> _EXERCISE DESCRIPTION_:
Write the entries out exactly, with the final line being the one containing "rewrite -(card_imset _".

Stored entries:
▬▬▬

Lemma forall_injectiveb (T : finType) (U : eqType) (f : T -> U) :
  [forall x, forall y, (f x == f y) ==> (x == y)] = injectiveb f.
Proof.
apply/forallP/injectiveP => [f_inj x y fxy | f_inj x].
  by apply/eqP; move/forallP: (f_inj x) => /(_ y); rewrite fxy eqxx.
by apply/forallP => y; apply/implyP => /eqP /f_inj ->.
Qed.

Lemma injectiveb_codom (T : finType) (f : T -> T) : injectiveb f = [forall y, y \in codom f].
Proof.
apply/injectiveP/forallP => [f_inj y | f_onto]; first exact: injF_onto.
apply: in2T; apply/image_injP; apply/eqP/eq_card => y.
by rewrite f_onto.
Qed.

Lemma forall_notin_codom (I T : finType) (f : I -> T) (P : pred T) :
  [forall y, P y ==> (y \notin codom f)] = [forall i, ~~ P (f i)].
Proof.
apply/forallP/forallP => [P_out i | P_f y].
  by apply/negP => /(implyP (P_out (f i))); rewrite codom_f.
by apply/implyP => Py; apply/codomP => -[i Ey]; move: (P_f i); rewrite -Ey Py.
Qed.

Lemma card_distinct_pairs (T : finType) (A B : {set T}) :
  #|[set p in setX A B | p.1 != p.2]| + #|A :&: B| = #|A| * #|B|.
Proof.
rewrite -cardsX -(cardsID [set p | p.1 == p.2] (setX A B)) addnC; congr addn.
  have diag_inj : injective (fun x : T => (x, x)) by move=> x y [].
  rewrite -(card_imset _ diag_inj); apply: eq_card => -[x y]; rewrite !inE /=.
  apply/imsetP/andP => [[z] | [/andP [xA yB] /eqP xy]]; last by subst y; exists x; rewrite ?inE ?xA.
  by rewrite inE => /andP [zA zB] [-> ->]; rewrite zA zB eqxx.
by apply: eq_card => -[x y]; rewrite !inE /= andbC.
Qed.

Lemma card_ffun_family (I J : finType) (A : I -> {set J}) :
  #|[set f : {ffun I -> J} | [forall i, f i \in A i]]| = \prod_i #|A i|.
Proof. by rewrite -cardsXn; apply: eq_card => f; rewrite !inE. Qed.

Lemma big_pair_bool (R : Type) (idx : R) (op : Monoid.com_law idx) (F : bool * bool -> R) :
  \big[op/idx]_t F t =
  op (op (F (true, true)) (F (true, false))) (op (F (false, true)) (F (false, false))).
Proof.
transitivity (\big[op/idx]_a \big[op/idx]_b F (a, b)); last by rewrite !big_bool.
by rewrite pair_bigA; apply: eq_bigr => -[].
Qed.

Lemma latin_rectP k m (L : {ffun 'I_k * 'I_m -> 'I_m}) :
  reflect ((forall i, injective (fun j => L (i, j))) /\ (forall j, injective (fun i => L (i, j))))
          (latin_rect L).
Proof.
apply: (iffP andP) => [[/forallP rows /forallP cols] | [rows cols]].
  by split=> [i | j]; apply/injectiveP; rewrite -forall_injectiveb; [exact: rows | exact: cols].
split; apply/forallP => x; rewrite forall_injectiveb; apply/injectiveP.
  exact: rows.
exact: cols.
Qed.

Section ProperRows.

Variable Y : finType.
Implicit Types (r : {ffun Y -> Y * Y}) (c : {ffun Y -> bool * bool}).

Definition distinct_columns r :=
  [forall j, [&& (r j).1 != j, (r j).2 != j & (r j).1 != (r j).2]].

Definition proper_rows r :=
  [&& injectiveb (fun j => (r j).1), injectiveb (fun j => (r j).2) & distinct_columns r].

Definition allowed_pairs c (j : Y) : {set Y * Y} :=
  [set p | [&& p.1 != j, p.2 != j, p.1 != p.2, ~~ (c p.1).1 & ~~ (c p.2).2]].

Lemma proper_rowsE r : proper_rows r = distinct_columns r &&
  [forall y, (y \in codom (fun j => (r j).1)) && (y \in codom (fun j => (r j).2))].
Proof. by rewrite /proper_rows !injectiveb_codom forall_andb andbA andbC. Qed.

Lemma forall_allowed_pairs c r :
  distinct_columns r && [forall y, ((c y).1 ==> (y \notin codom (fun j => (r j).1)))
                                && ((c y).2 ==> (y \notin codom (fun j => (r j).2)))]
  = [forall j, r j \in allowed_pairs c j].
Proof.
rewrite forall_andb !forall_notin_codom /distinct_columns -!forall_andb.
by apply: eq_forallb => j; rewrite inE -!andbA.
Qed.

End ProperRows.

Section Rectangles.

Variable n : nat.
Implicit Types (r : {ffun 'I_n -> 'I_n * 'I_n}) (L : {ffun 'I_3 * 'I_n -> 'I_n}).

Definition rect_of_rows r : {ffun 'I_3 * 'I_n -> 'I_n} :=
  [ffun ij => tnth [tuple ij.2; (r ij.2).1; (r ij.2).2] ij.1].

Definition rows_of_rect L : {ffun 'I_n -> 'I_n * 'I_n} :=
  [ffun j => (L (@Ordinal 3 1 isT, j), L (@Ordinal 3 2 isT, j))].

Lemma rect_of_rowsK : cancel rect_of_rows rows_of_rect.
Proof. by move=> r; apply/ffunP => j; rewrite !ffunE /tnth /=; case: (r j). Qed.

Lemma reduced_rect_of_rows r : reduced_latin_rect (rect_of_rows r) = proper_rows r.
Proof.
have row0 : [forall i : 'I_3, forall j, (val i == 0) ==> (val (rect_of_rows r (i, j)) == val j)].
  by apply/forallP => -[[|i] ?]; apply/forallP => j; rewrite ?ffunE /tnth /=.
have colP j : injective (fun i => rect_of_rows r (i, j)) <->
              [&& (r j).1 != j, (r j).2 != j & (r j).1 != (r j).2].
  have colE : (fun i => rect_of_rows r (i, j)) =1 tnth [tuple j; (r j).1; (r j).2].
    by move=> i; rewrite ffunE.
  have -> : [&& (r j).1 != j, (r j).2 != j & (r j).1 != (r j).2] =
            uniq [tuple j; (r j).1; (r j).2].
    by rewrite /= !inE negb_or andbT -andbA !(eq_sym j).
  split=> [/eq_inj/(_ colE)/tuple_uniqP // | /tuple_uniqP/eq_inj]; apply; exact: fsym colE.
rewrite /reduced_latin_rect row0 andbT.
apply/latin_rectP/and3P => [[rows cols] | [inj1 inj2 /forallP distinct]].
  split; last by apply/forallP => j; apply/colP.
    apply/injectiveP => j1 j2 eq12; apply: (rows (@Ordinal 3 1 isT)).
    by rewrite /= !ffunE /tnth /= eq12.
  apply/injectiveP => j1 j2 eq12; apply: (rows (@Ordinal 3 2 isT)).
  by rewrite /= !ffunE /tnth /= eq12.
split=> [i | j]; last exact/colP/distinct.
case: i => -[|[|[|//]]] lt_i3 j1 j2; rewrite !ffunE /tnth //=.
  by move/injectiveP: inj1; apply.
by move/injectiveP: inj2; apply.
Qed.

Lemma reduced_rectE L : reduced_latin_rect L -> L = rect_of_rows (rows_of_rect L).
Proof.
case/andP=> _ /forallP row0; apply/ffunP => -[i j]; rewrite !ffunE.
case: i => -[|[|[|//]]] lt_i3; rewrite /tnth /=.
  by apply/val_inj/eqP; have /forallP/(_ j) := row0 (Ordinal lt_i3).
all: by congr (L (_, j)); apply: val_inj.
Qed.

Lemma R3_card_proper_rows : R 3 n = #|[set r : {ffun 'I_n -> 'I_n * 'I_n} | proper_rows r]|.
Proof.
rewrite /R -(card_imset _ (can_inj rect_of_rowsK)); apply: eq_card => L; rewrite inE.
apply/idP/imsetP => [red_L | [r]]; last by rewrite inE -reduced_rect_of_rows => + ->.
exists (rows_of_rect L); last exact: reduced_rectE.
by rewrite inE -reduced_rect_of_rows -reduced_rectE.
Qed.

End Rectangles.

Local Open Scope ring_scope.

Lemma natr_forall (R : comPzSemiRingType) (I : finType) (P : pred I) :
  [forall i, P i]%:R = \prod_i (P i)%:R :> R.
Proof.
case: forallP => [all_P | /forallP]; first by rewrite big1 // => i _; rewrite all_P.
by rewrite negb_forall => /existsP [i /negPf Pi]; rewrite (bigD1 i) //= Pi mul0r.
Qed.

Lemma natr_card_set (R : pzSemiRingType) (I : finType) (P : pred I) :
  #|[set i | P i]|%:R = \sum_i (P i)%:R :> R.
Proof.
by rewrite -sum1dep_card natr_sum big_mkcond; apply: eq_bigr => i _; case: (P i).
Qed.

Definition coloring_sign (Y : finType) (c : {ffun Y -> bool * bool}) : int :=
  \prod_y (-1) ^+ ((c y).1 + (c y).2)%N.

Lemma indicator_andE (a b : bool) : (a && b)%:R =
  \sum_(t : bool * bool) (-1) ^+ (t.1 + t.2)%N * ((t.1 ==> ~~ a) && (t.2 ==> ~~ b))%:R :> int.
Proof. by rewrite big_pair_bool; case: a; case: b. Qed.

Lemma forall_andE (Y : finType) (a b : pred Y) : [forall y, a y && b y]%:R =
  \sum_(c : {ffun Y -> bool * bool})
    coloring_sign c * [forall y, ((c y).1 ==> ~~ a y) && ((c y).2 ==> ~~ b y)]%:R :> int.
Proof.
rewrite natr_forall (eq_bigr _ (fun y _ => indicator_andE (a y) (b y))) bigA_distr_bigA.
by apply: eq_bigr => c _; rewrite natr_forall -big_split.
Qed.

Definition coloring_weight (s00 s10 s01 s11 : nat) : int :=
  (-1) ^+ (s10 + s01 + 2 * s11)%N
  * g (s00%:Z - 1) s10%:Z s01%:Z (s11%:Z + 1) ^+ s00
  * g s00%:Z (s10%:Z - 1) s01%:Z (s11%:Z + 1) ^+ s10
  * g s00%:Z s10%:Z (s01%:Z - 1) (s11%:Z + 1) ^+ s01
  * g s00%:Z s10%:Z s01%:Z s11%:Z ^+ s11.

Section Colorings.

Variable Y : finType.
Implicit Types (c : {ffun Y -> bool * bool}).

Lemma card_proper_rows : #|[set r : {ffun Y -> Y * Y} | proper_rows r]|%:R =
  \sum_(c : {ffun Y -> bool * bool}) coloring_sign c * (\prod_j #|allowed_pairs c j|)%:R :> int.
Proof.
rewrite natr_card_set; under eq_bigr do rewrite proper_rowsE -mulnb natrM forall_andE mulr_sumr.
rewrite exchange_big /=; apply: eq_bigr => c _.
rewrite -card_ffun_family natr_card_set mulr_sumr; apply: eq_bigr => r _.
by rewrite -forall_allowed_pairs -mulnb natrM mulrCA.
Qed.

Lemma card_allowed_pairs c j :
  let k t := (fiber_card c t)%:R : int in
  let e t := (c j == t)%:R : int in
  #|allowed_pairs c j|%:R =
    g (k (false, false) - e (false, false)) (k (true, false) - e (true, false))
      (k (false, true) - e (false, true)) (k (true, true) - e (true, true) + 1).
Proof.
move=> k e.
pose S (P : pred (bool * bool)) := [set y | P (c y)] :\ j.
have -> : allowed_pairs c j =
    [set p in setX (S (fun t => ~~ t.1)) (S (fun t => ~~ t.2)) | p.1 != p.2].
  apply/setP => -[a b]; rewrite !inE /=.
  by case: (a != j); case: (b != j); case: (a != b); rewrite /= ?andbF ?andbT.
have cardS P : #|S P|%:R = \sum_(t | P t) k t - (P (c j))%:R.
  by rewrite -natr_sum -(card_preim_fibersD1 c P j) natrD addrK.
have capS : S (fun t => ~~ t.1) :&: S (fun t => ~~ t.2) = S (pred1 (false, false)).
  by apply/setP => y; rewrite !inE; case: (y != j); case: (c y) => -[] [].
move: (card_distinct_pairs (S (fun t => ~~ t.1)) (S (fun t => ~~ t.2))); rewrite capS.
move/(congr1 (fun m => m%:R : int)); rewrite natrD natrM => /(canRL (addrK _)) ->.
rewrite !cardS; do 3 rewrite big_mkcond big_pair_bool /=; rewrite /e /g.
by case: (c j) => -[] []; rewrite /=; ring.
Qed.

Lemma coloring_weightE c :
  coloring_sign c * (\prod_j #|allowed_pairs c j|)%:R =
  coloring_weight (fiber_card c (false, false)) (fiber_card c (true, false))
                  (fiber_card c (false, true)) (fiber_card c (true, true)).
Proof.
set k := fiber_card c.
have -> : coloring_sign c = (-1) ^+ (k (true, false) + k (false, true) + 2 * k (true, true))%N.
  rewrite /coloring_sign (prod_fibers c (fun t => (-1) ^+ (t.1 + t.2)%N)) big_pair_bool /=.
  by rewrite -!exprM -!exprD; congr (_ ^+ _); rewrite -/k; lia.
pose G t := g ((k (false, false))%:R - (t == (false, false))%:R)
  ((k (true, false))%:R - (t == (true, false))%:R) ((k (false, true))%:R - (t == (false, true))%:R)
  ((k (true, true))%:R - (t == (true, true))%:R + 1).
rewrite natr_prod (eq_bigr (fun j => G (c j))) => [|j _]; last exact: card_allowed_pairs.
rewrite (prod_fibers c G) big_pair_bool /G /coloring_weight /= -/k !natz !subr0 subrK.
ring.
Qed.

End Colorings.

Definition fiber_profile (a b c d : nat) (t : bool * bool) : nat :=
  match t with
  | (false, false) => a | (true, false) => b | (false, true) => c | (true, true) => d
  end.

Lemma card_with_fiber_profile n a b c d : #|with_fibers n (fiber_profile a b c d)| =
  if (a + b + c + d == n)%N then (n`! %/ (a`! * b`! * c`! * d`!))%N else 0%N.
Proof.
rewrite card_with_fibers !big_pair_bool /=.
have -> : (d + b + (c + a) = a + b + c + d)%N by ring.
by have -> : (d`! * b`! * (c`! * a`!) = a`! * b`! * c`! * d`!)%N by ring.
Qed.

Lemma sum_ord_pick n k (P : bool) (G : 'I_n.+1 -> int) :
  (k <= n)%N -> \sum_(i < n.+1) (P && (k == i))%:R * G i = P%:R * G (inord k).
Proof.
move=> le_kn; rewrite (bigD1 (inord k)) //= inordK // eqxx andbT big1 ?addr0 // => i ne_i.
by case: (k =P i) => [ki | _]; [rewrite ki inord_val eqxx in ne_i | rewrite andbF mul0r].
Qed.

▬▬▬

> _ANSWER AREA_:
Lemma forall_injectiveb (T : finType) (U : eqType) (f : T -> U) :
  [forall x, forall y, (f x == f y) ==> (x == y)] = injectiveb f.
Proof.
apply/forallP/injectiveP => [f_inj x y fxy | f_inj x].
  by apply/eqP; move/forallP: (f_inj x) => /(_ y); rewrite fxy eqxx.
by apply/forallP => y; apply/implyP => /eqP /f_inj ->.
Qed.

Lemma injectiveb_codom (T : finType) (f : T -> T) : injectiveb f = [forall y, y \in codom f].
Proof.
apply/injectiveP/forallP => [f_inj y | f_onto]; first exact: injF_onto.
apply: in2T; apply/image_injP; apply/eqP/eq_card => y.
by rewrite f_onto.
Qed.

Lemma forall_notin_codom (I T : finType) (f : I -> T) (P : pred T) :
  [forall y, P y ==> (y \notin codom f)] = [forall i, ~~ P (f i)].
Proof.
apply/forallP/forallP => [P_out i | P_f y].
  by apply/negP => /(implyP (P_out (f i))); rewrite codom_f.
by apply/implyP => Py; apply/codomP => -[i Ey]; move: (P_f i); rewrite -Ey Py.
Qed.

Lemma card_distinct_pairs (T : finType) (A B : {set T}) :
  #|[set p in setX A B | p.1 != p.2]| + #|A :&: B| = #|A| * #|B|.
Proof.
rewrite -cardsX -(cardsID [set p | p.1 == p.2] (setX A B)) addnC; congr addn.
  have diag_inj : injective (fun x : T => (x, x)) by move=> x y [].
  rewrite -(card_imset _ diag_inj); apply: eq_card => -[x y]; rewrite !inE /=.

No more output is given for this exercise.